Dan's views on current events, popular culture, and other topics of interest.

Name:
Location: United States

I'm now on Twitter: http://twitter.com/Racnad

Friday, December 03, 2004

A Common Sense Approach to Election Recounts

The point of doing a recount should be to get the most accurately count possible. Here's a common-sense approach on how to do it.

Machines are going to count more accurately than people, for the ballots that machines are able to count. The recount for machines readable ballots should be by machine, and any ballots that cannot be counted by machine should be examined by people to determine if the intent of the voter is discernable. The examination should be done by a two person team representing the parties of the two candidates in contention. If the democrat and the republican representative agree that the voter intended to vote for a specific candidate, did not vote on the race in question, or did not mark the ballot in a conclusive manner, then the ballot should be counted that way. There should be no alteration of the ballots except for the initials of the two examiners and how they agreed the ballot should be counted.
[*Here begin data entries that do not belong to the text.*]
(* Let $G=(V,E)$ be a finite graph and let $\underline{r}^G=(r_v)_{v\in V}\in\mathbb{Z}^{V}$. Let $H$ be an arbitrary $2$-cover of $G$, and let $G\times K_2$ be the bipartite double cover of $G$. Let $\underline{r}$ denote the vector induced by $\underline{r}^G$ on $H$ and on $G\times K_2$, i.e. each lift $u'$ of a vertex $u\in V$ gets value $r_{u'}=r_u$. Then $$h_{\underline{r}}(G\times K_2)\geq h_{\underline{r}}(H).$$ In other words, for any $\underline{r}\in\mathbb{Z}^{V}$, among all $2$-covers $H$ of $G$ the quantity $h_{\underline{r}}(H)$ is maximized by $G\times K_2$.
   Context: A $2$-cover of $G$ is a graph with vertex set $V\times\{0,1\}$ obtained by choosing, for every edge $uv\in E$, either the pair of edges $(u,0)(v,0),(u,1)(v,1)$ or the pair $(u,0)(v,1),(u,1)(v,0)$, and having no other edges. The bipartite double cover $G\times K_2$ is the $2$-cover in which the second choice is made for every edge. For a graph $F$ and $\underline{r}=(r_v)\in\mathbb{Z}^{V(F)}$, $h_{\underline{r}}(F)$ denotes the number of subgraphs (edge subsets) $S$ of $F$ such that every vertex $v$ is incident to exactly $r_v$ edges of $S$. *)

From HB Require Import structures.
From mathcomp Require Import all_boot all_order all_algebra.
Set Implicit Arguments. Unset Strict Implicit. Unset Printing Implicit Defensive.

(* A finite simple graph is a symmetric irreflexive relation e on a finType. *)

Definition edges (V : finType) (f : rel V) : {set {set V}} :=
  [set [set p.1; p.2] | p in [set p : V * V | f p.1 p.2]].

Definition h_r (V : finType) (f : rel V) (r : V -> int) : nat :=
  #|[set S : {set {set V}} | (S \subset edges f) &&
       [forall v : V, (#|[set g in S | v \in g]| : int) == r v]]|.

(* The 2-cover of (T, e) determined by a choice s of "crossing" (true) or
   "parallel" (false) for every edge {u,v} (s is read on the edge as the set
   [set u; v]).  For a parallel edge uv we have the edges
   (u,0)(v,0),(u,1)(v,1); for a crossing one (u,0)(v,1),(u,1)(v,0). *)
Definition two_cover (T : finType) (e : rel T) (s : {set T} -> bool)
  : rel (T * bool) :=
  fun x y => e x.1 y.1 && ((x.2 (+) y.2) == s [set x.1; y.1]).

Definition bip_double_cover (T : finType) (e : rel T) : rel (T * bool) :=
  two_cover e (fun _ => true).

Definition lift_r (T : finType) (r : T -> int) : T * bool -> int :=
  fun x => r x.1.

(* Encode a subgraph of a 2-cover by the lifts of the edges of G that it uses.
   An edge used by both or by neither lift contributes equally to both lifts of
   each vertex, so the degree constraints say that at every vertex the edges used
   once split evenly between the two levels.  Pair these half-edges at each vertex
   by a level-reversing involution rho.  For fixed rho, the choices of lifts of the
   singly used edges that make rho level-reversing form a coset of a group that
   does not depend on the cover, and for G x K_2 this coset is nonempty: rho and
   the involution exchanging the two ends of an edge have a common proper
   2-colouring, because their composite reverses its own orbits.  Translating by
   a fixed element maps the pairs (subgraph, rho) of any 2-cover injectively to
   pairs for G x K_2, and the number of admissible rho depends only on the level
   counts, which are preserved; weighting each pair by the inverse of that number
   yields the inequality. *)

From HB Require Import structures.
From mathcomp Require Import all_boot all_order all_algebra.
From mathcomp Require Import fingroup perm.
Set Implicit Arguments. Unset Strict Implicit. Unset Printing Implicit Defensive.

Import Order.TTheory GRing.Theory Num.Theory.

Lemma fibres_perm (E : finType) (I : eqType) (f1 f2 : E -> I) :
  (forall i, #|[set x | f1 x == i]| = #|[set x | f2 x == i]|) ->
  exists phi : {perm E}, forall x, f1 (phi x) = f2 x.
Proof.
move=> eq_fib.
pose fib (f : E -> I) i := enum [set y | f y == i].
have fibE (f : E -> I) i y : (y \in fib f i) = (f y == i) by rewrite mem_enum inE.
pose idx x := index x (fib f2 (f2 x)).
have idx_lt x : idx x < size (fib f1 (f2 x)).
  by rewrite -cardE eq_fib cardE index_mem fibE.
pose phi x := nth x (fib f1 (f2 x)) (idx x).
have phiE x : f1 (phi x) = f2 x by apply/eqP; rewrite -fibE mem_nth.
have phi_inj : injective phi.
  move=> x y eq_phi; have eq_f2 : f2 x = f2 y by rewrite -phiE eq_phi phiE.
  have idx_y : idx y < size (fib f1 (f2 x)) by rewrite eq_f2.
  have : idx x = idx y.
    apply/eqP; rewrite -(nth_uniq x (idx_lt x) idx_y) ?enum_uniq //.
    by rewrite -/(phi x) eq_phi /phi eq_f2 (set_nth_default y) -?eq_f2.
  rewrite /idx eq_f2 => /(congr1 (nth x (fib f2 (f2 y)))).
  by rewrite !nth_index ?fibE ?eq_f2.
by exists (perm phi_inj) => x; rewrite permE.
Qed.

Section ImsetPreimset.
Variables (aT rT : finType) (f : aT -> rT) (A : {set aT}).

Lemma setI_preimset_imset (Z : {set aT}) : {in A &, injective f} -> Z \subset A ->
  A :&: f @^-1: (f @: Z) = Z.
Proof.
move=> f_inj /subsetP subZ; apply/setP => z; rewrite !inE.
apply/andP/idP => [[zA /imsetP[y yZ eq_f]] | zZ]; last by rewrite subZ ?imset_f.
by rewrite (f_inj _ _ zA (subZ y yZ) eq_f).
Qed.

Lemma imset_setI_preimset (S : {set rT}) : S \subset f @: A -> f @: (A :&: f @^-1: S) = S.
Proof.
move=> /subsetP subS; apply/setP => E; apply/imsetP/idP => [[z] | ES].
  by rewrite !inE => /andP[_ ?] ->.
by have /imsetP[z zA E_eq] := subS E ES; exists z; rewrite // !inE zA -E_eq ES.
Qed.

Lemma card_sep_imset (Z : {set aT}) (P : pred rT) : {in Z &, injective f} ->
  #|[set y in f @: Z | P y]| = #|[set z in Z | P (f z)]|.
Proof.
move=> f_inj; rewrite -(card_in_imset (sub_in2 _ f_inj)) => [|z]; last first.
  by rewrite inE => /andP[].
apply: eq_card => y; rewrite !inE; apply/andP/imsetP => [[/imsetP[z zZ ->] Pz] | [z]].
  by exists z; rewrite ?inE ?zZ.
by rewrite inE => /andP[zZ Pz] ->; rewrite imset_f.
Qed.

End ImsetPreimset.

Section LevelPairings.
Variables (E : finType) (I : eqType).
Implicit Types (cls : E -> option (I * bool)) (rho : E -> E).

Definition flip_level (c : option (I * bool)) := omap (fun p => (p.1, ~~ p.2)) c.

Lemma flip_levelK : involutive flip_level.
Proof. by case=> [[i b]|] //=; rewrite negbK. Qed.

(* [cls x = Some (i, b)]: x lies in class [i] at level [b]; [cls x = None]: x is
   to be fixed. *)
Definition level_pairing cls rho :=
  [forall x, [&& rho (rho x) == x, cls (rho x) == flip_level (cls x)
              & (cls x == None) ==> (rho x == x)]].

Lemma level_pairingP cls rho :
  reflect (forall x, [/\ rho (rho x) = x, cls (rho x) = flip_level (cls x)
                       & cls x = None -> rho x = x])
          (level_pairing cls rho).
Proof.
apply: (iffP forallP) => [lp x | lp x].
  have /and3P[/eqP rhoK /eqP cls_rho /implyP fix_x] := lp x.
  by split=> // /eqP /fix_x /eqP.
have [-> -> fix_x] := lp x; rewrite !eqxx; apply/implyP=> /eqP/fix_x->.
by rewrite eqxx.
Qed.

Definition balanced cls :=
  forall i b, #|[set x | cls x == Some (i, b)]| = #|[set x | cls x == Some (i, ~~ b)]|.

Lemma level_pairing_balanced cls rho : level_pairing cls rho -> balanced cls.
Proof.
move=> /level_pairingP lp i b.
have rhoK : involutive rho by move=> x; have [] := lp x.
rewrite -(card_imset _ (inv_inj rhoK)) (can_imset_pre _ rhoK).
apply: eq_card => x; rewrite !inE; have [_ -> _] := lp x.
case: (cls x) => [[j c]|] //=.
by rewrite !(inj_eq (@Some_inj _)) !xpair_eqE; case: b; case: c.
Qed.

Lemma level_pairing_exists cls :
  balanced cls -> exists rho : {ffun E -> E}, level_pairing cls rho.
Proof.
move=> bal.
have [phi phiE] : exists phi : {perm E}, forall x, cls (phi x) = flip_level (cls x).
  apply: fibres_perm => c.
  have -> : [set x | flip_level (cls x) == c] = [set x | cls x == flip_level c].
    by apply/setP => x; rewrite !inE (inv_eq flip_levelK).
  by case: c => [[i b]|] //=; rewrite bal.
pose rho x := if cls x is Some (_, b) then (if b then phi x else (phi^-1)%g x) else x.
exists [ffun x => rho x]; apply/level_pairingP => x; rewrite !ffunE /rho.
case cls_x: (cls x) => [[i []]|] //.
- by rewrite phiE cls_x /= permK; split.
- have cls_phiVx : cls ((phi^-1)%g x) = Some (i, true).
    by apply: (can_inj flip_levelK); rewrite -phiE permKV cls_x.
  by rewrite cls_phiVx permKV; split.
- by rewrite cls_x; split.
Qed.

Lemma card_level_pairing_le cls1 cls2 :
    (forall c, #|[set x | cls1 x == c]| = #|[set x | cls2 x == c]|) ->
  #|[set rho : {ffun E -> E} | level_pairing cls2 rho]| <=
  #|[set rho : {ffun E -> E} | level_pairing cls1 rho]|.
Proof.
move=> /fibres_perm[phi phiE].
pose conj (rho : {ffun E -> E}) := [ffun x => phi (rho ((phi^-1)%g x))].
have conj_inj : injective conj.
  move=> rho1 rho2 /ffunP eq_conj; apply/ffunP => x.
  by have := eq_conj (phi x); rewrite !ffunE permK => /perm_inj.
rewrite -(card_imset _ conj_inj); apply/subset_leq_card/subsetP => g /imsetP[rho].
rewrite inE => /level_pairingP lp ->; rewrite inE; apply/level_pairingP => x.
have [rhoK cls_rho fix_rho] := lp ((phi^-1)%g x).
rewrite !ffunE permK rhoK permKV phiE cls_rho -phiE permKV; split=> // cls_x.
by rewrite fix_rho ?permKV // -phiE permKV.
Qed.

End LevelPairings.

Section TwoColouring.
Variables (E : finType) (X : {set E}) (R rho : E -> E).
Hypotheses (RK : involutive R) (rhoK : involutive rho).
Hypotheses (R_in : {in X, forall x, R x \in X}) (rho_in : {in X, forall x, rho x \in X}).
Hypotheses (R_neq : {in X, forall x, R x != x}) (rho_neq : {in X, forall x, rho x != x}).

Let pi := R \o rho.

Let pi_inj : injective pi.
Proof. exact: inj_comp (inv_inj RK) (inv_inj rhoK). Qed.

Let pi_rho_pi x : pi (rho (pi x)) = rho x.
Proof. by rewrite /pi /= rhoK RK. Qed.

Let iter_pi_in n x : x \in X -> iter n pi x \in X.
Proof. by move=> xX; elim: n => //= n IH; apply/R_in/rho_in. Qed.
Lemma coboundary_fiber_size P N g : clopen P ->
  coboundary (fun x => Posz (fiber_size P N x) - Posz (fiber_size P N (alpha g x)))%R.
Proof.
move=> cP; apply: cob_gen; apply/contZ_locally_constantP.
exact: locally_constant_comp (locally_constant_fiber_size N cP).
Qed.

Lemma equidec_coboundary A B N : equidec A B -> bounded_by A N -> bounded_by B N ->
  coboundary (fun x => fiber_count A N x - fiber_count B N x)%R.
Proof.
move=> [n [P [g [s [cP [bs [eA [dP [eB dQ]]]]]]]]] bA bB.
have bP i : bounded_by (P i) N by move=> x m Pm; apply: (bA x); rewrite eA; exists i.
have bQ i : bounded_by (act (g i) (s i) (P i)) N.
  by move=> x m Qm; apply: (bB x); rewrite eB; exists i.
apply: (@eq_ind _ _ coboundary (coboundary_sum (index_enum 'I_n)
  (fun i => coboundary_fiber_size N (inv (g i)) (cP i)))).
apply: funext => x; rewrite !fiber_countE (fiber_size_bigcup N x eA dP).
rewrite (fiber_size_bigcup N x eB dQ) sumrB !(big_morph Posz PoszD (erefl (Posz 0))).
by congr (_ - _)%R; apply: eq_bigr => i _; rewrite fiber_size_act.
Qed.

Lemma pi_injective_cancellative : pi_injective alpha -> T_cancellative alpha.
Proof.
move=> inj A B C A1 B1 A2 C2 cA cB cC cA1 cB1 cA2 cC2 eAA1 eBB1 AB1 eAA2 eCC2 AC2 eU.
apply: inj => //.
case: cA cB cC cA1 cB1 cA2 cC2 => _ [nA bA] [_ [nB bB]] [_ [nC bC]] [_ [nA1 bA1]]
  [_ [nB1 bB1]] [_ [nA2 bA2]] [_ [nC2 bC2]].
pose N := (nA + nB + nC + nA1 + nB1 + nA2 + nC2)%N.
have {}bA : bounded_by A N by apply: bounded_by_leq bA _; rewrite /N; lia.
have {}bB : bounded_by B N by apply: bounded_by_leq bB _; rewrite /N; lia.
have {}bC : bounded_by C N by apply: bounded_by_leq bC _; rewrite /N; lia.
have {}bA1 : bounded_by A1 N by apply: bounded_by_leq bA1 _; rewrite /N; lia.
have {}bB1 : bounded_by B1 N by apply: bounded_by_leq bB1 _; rewrite /N; lia.
have {}bA2 : bounded_by A2 N by apply: bounded_by_leq bA2 _; rewrite /N; lia.
have {}bC2 : bounded_by C2 N by apply: bounded_by_leq bC2 _; rewrite /N; lia.
exists N; split=> //.
(* [B] - [C] = ([B] - [B1]) - ([C] - [C2]) + ([A1 + B1] - [A2 + C2])
               + ([A] - [A1]) - ([A] - [A2]) *)
have cBC := cob_add
  (cob_add (coboundary_sub (equidec_coboundary eBB1 bB bB1) (equidec_coboundary eCC2 bC bC2))
           (equidec_coboundary eU (bounded_by_setU bA1 bB1) (bounded_by_setU bA2 bC2)))
  (coboundary_sub (equidec_coboundary eAA1 bA bA1) (equidec_coboundary eAA2 bA bA2)).
apply: (@eq_ind _ _ coboundary cBC); apply: funext => x.
by rewrite !fiber_countE !fiber_size_setU // !PoszD; ring.
Qed.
Recounts should include all ballots cast in the race, not specific counties or percents, as any geographic selective recounting will favor one candidate or the other and will not create the most accurate possible count. There should not be incremental or country-by-county results announced. All results of the hand count should be secret until the entire process is complete. Having a daily "horse race" of announced results only creates a media circus and increase the likely hood for lawsuits to interfere with the process.

This way, there is only one recount. It will represent the most accurate count possible, so unless a box of uncounted ballots is discovered, there is no reason for further recounts. This is what should have happened in Florida in 2000, and what Washington should have been doing in the past month.